What to work on: Exactly the lines from the beginning of the material to the line with "by rewrite -exprMn" are to be repeated, both ends included.

Data to use:
Lemma band_line_count (y z : R) : y \in line N -> z \in line N ->
  \sum_(x <- line N) (near_plane e (row3 x y z) (row3 a p q))%:R <= 6 * e * N%:R + 1.
Proof.
move=> /line_sqr_le y2_le /line_sqr_le z2_le.
have N_ge0 : 0 <= N%:R :> R by [].
apply: line_count_le_diam => [|x1 x2 /line_sqr_le x1_le /line_sqr_le x2_le].
  by rewrite !mulr_ge0.
rewrite !near_plane_row3.
set D1 := a * x1 + p * y + q * z; set D2 := a * x2 + p * y + q * z => band1 band2.
have e2_ge0 := sqr_ge0 e.
have D1_le : D1 ^+ 2 <= e ^+ 2 * (3 * N%:R ^+ 2).
  by apply: le_trans band1 _; apply: ler_wpM2l => //; lra.
have D2_le : D2 ^+ 2 <= e ^+ 2 * (3 * N%:R ^+ 2).
  by apply: le_trans band2 _; apply: ler_wpM2l => //; lra.
have dD : D2 - D1 = a * (x2 - x1) by rewrite /D1 /D2; ring.
have dD_le : a ^+ 2 * (x2 - x1) ^+ 2 <= 12 * e ^+ 2 * N%:R ^+ 2.
  by rewrite -exprMn -dD; have := sqr_ge0 (D2 + D1); nra.
have : `|x2 - x1| <= 6 * e * N%:R.
  rewrite normr_le_sqr; last by rewrite !mulr_ge0.
  have := ler_wpM2r (sqr_ge0 (x2 - x1)) a2_ge; rewrite !exprMn.
  by move: dD_le; lra.
exact: le_trans (ler_norm _).
Qed.

Lemma band_count :
  grid_sum N (fun x y z => (near_plane e (row3 x y z) (row3 a p q))%:R)
  <= (6 * e * N%:R + 1) * (2 * N%:R + 1) ^+ 2.
Proof.
rewrite 2!grid_sum_rot /grid_sum.
rewrite expr2 mulrA -!sum_line_const big_seq [leRHS]big_seq.
apply: ler_sum => y y_in; rewrite big_seq [leRHS]big_seq.
by apply: ler_sum => z z_in; apply: band_line_count.
Qed.

End Band.

Section Cone.
Variables (R : realType) (a p q e : R) (N : nat).
Hypotheses (unit_apq : a ^+ 2 + p ^+ 2 + q ^+ 2 = 1)
  (p2_le : p ^+ 2 <= a ^+ 2) (q2_le : q ^+ 2 <= a ^+ 2)
  (e_gt0 : 0 < e) (e_le : e <= 1 / 20).

Let mu := (1 - e) ^+ 2.
Let eta := 1 - mu.
Let al := a ^+ 2 - eta.
Let A := mu - q ^+ 2.
Let H1 := Num.sqrt (eta * A / al ^+ 2).
Let H2 := Num.sqrt (mu * eta / (al * A)).
Let G (x y : R) := x ^+ 2 * eta * A / al - al * (y - x * a * p / al) ^+ 2.

Let a2_ge : 1 / 3 <= a ^+ 2.
Proof. by have := sqr_ge0 p; have := sqr_ge0 q; move: unit_apq p2_le q2_le; lra. Qed.
Let eta_E : eta = 2 * e - e ^+ 2. Proof. by rewrite /eta /mu; ring. Qed.
Let eta_gt0 : 0 < eta. Proof. by rewrite eta_E; move: e_gt0 e_le; nra. Qed.
Let eta_le : eta <= 1 / 10. Proof. by rewrite eta_E; move: e_gt0 e_le; nra. Qed.
Let mu_ge : 361 / 400 <= mu. Proof. by rewrite /mu; move: e_gt0 e_le; nra. Qed.
Let mu_le : mu <= 1. Proof. by rewrite /mu; move: e_gt0 e_le; nra. Qed.
Let al_ge : 7 / 30 <= al. Proof. by move: a2_ge eta_le; rewrite /al; lra. Qed.
Let A_ge : 1 / 5 <= A.
Proof. by have := sqr_ge0 p; move: mu_ge a2_ge unit_apq; rewrite /A; lra. Qed.
Let A_le : A <= 1. Proof. by have := sqr_ge0 q; move: mu_le; rewrite /A; lra. Qed.

(* [lra] and [nra] ignore section hypotheses and [Let] facts, hence the [have := ...]
   and [move: ...] steps below. *)

(* Completing the square twice: the slice of the cone at height x is an ellipse;
   [0 < G x y] keeps y within |x| H1 of x a p / al, and then z stays within
   |x| H2 of q (a x + p y) / A. *)

Lemma cone_form_split (x y z : R) :
  (a * x + p * y + q * z) ^+ 2 - mu * (x ^+ 2 + y ^+ 2 + z ^+ 2) =
  - A * (z - q * (a * x + p * y) / A) ^+ 2 + mu * G x y / A.
Proof.
have eta_apq : eta = a ^+ 2 + p ^+ 2 + q ^+ 2 - mu by rewrite unit_apq.
have A_neq0 : A != 0 by move: A_ge; lra.
have al_neq0 : al != 0 by move: al_ge; lra.
move: A_neq0 al_neq0; rewrite /G /A /al eta_apq => A_neq0 al_neq0.
by field; rewrite A_neq0 al_neq0.
Qed.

Exercise answer:
Lemma band_line_count (y z : R) : y \in line N -> z \in line N ->
  \sum_(x <- line N) (near_plane e (row3 x y z) (row3 a p q))%:R <= 6 * e * N%:R + 1.
Proof.
move=> /line_sqr_le y2_le /line_sqr_le z2_le.
have N_ge0 : 0 <= N%:R :> R by [].
apply: line_count_le_diam => [|x1 x2 /line_sqr_le x1_le /line_sqr_le x2_le].
  by rewrite !mulr_ge0.
rewrite !near_plane_row3.
set D1 := a * x1 + p * y + q * z; set D2 := a * x2 + p * y + q * z => band1 band2.
have e2_ge0 := sqr_ge0 e.
have D1_le : D1 ^+ 2 <= e ^+ 2 * (3 * N%:R ^+ 2).
  by apply: le_trans band1 _; apply: ler_wpM2l => //; lra.
have D2_le : D2 ^+ 2 <= e ^+ 2 * (3 * N%:R ^+ 2).
  by apply: le_trans band2 _; apply: ler_wpM2l => //; lra.
have dD : D2 - D1 = a * (x2 - x1) by rewrite /D1 /D2; ring.
have dD_le : a ^+ 2 * (x2 - x1) ^+ 2 <= 12 * e ^+ 2 * N%:R ^+ 2.
  by rewrite -exprMn -dD; have := sqr_ge0 (D2 + D1); nra.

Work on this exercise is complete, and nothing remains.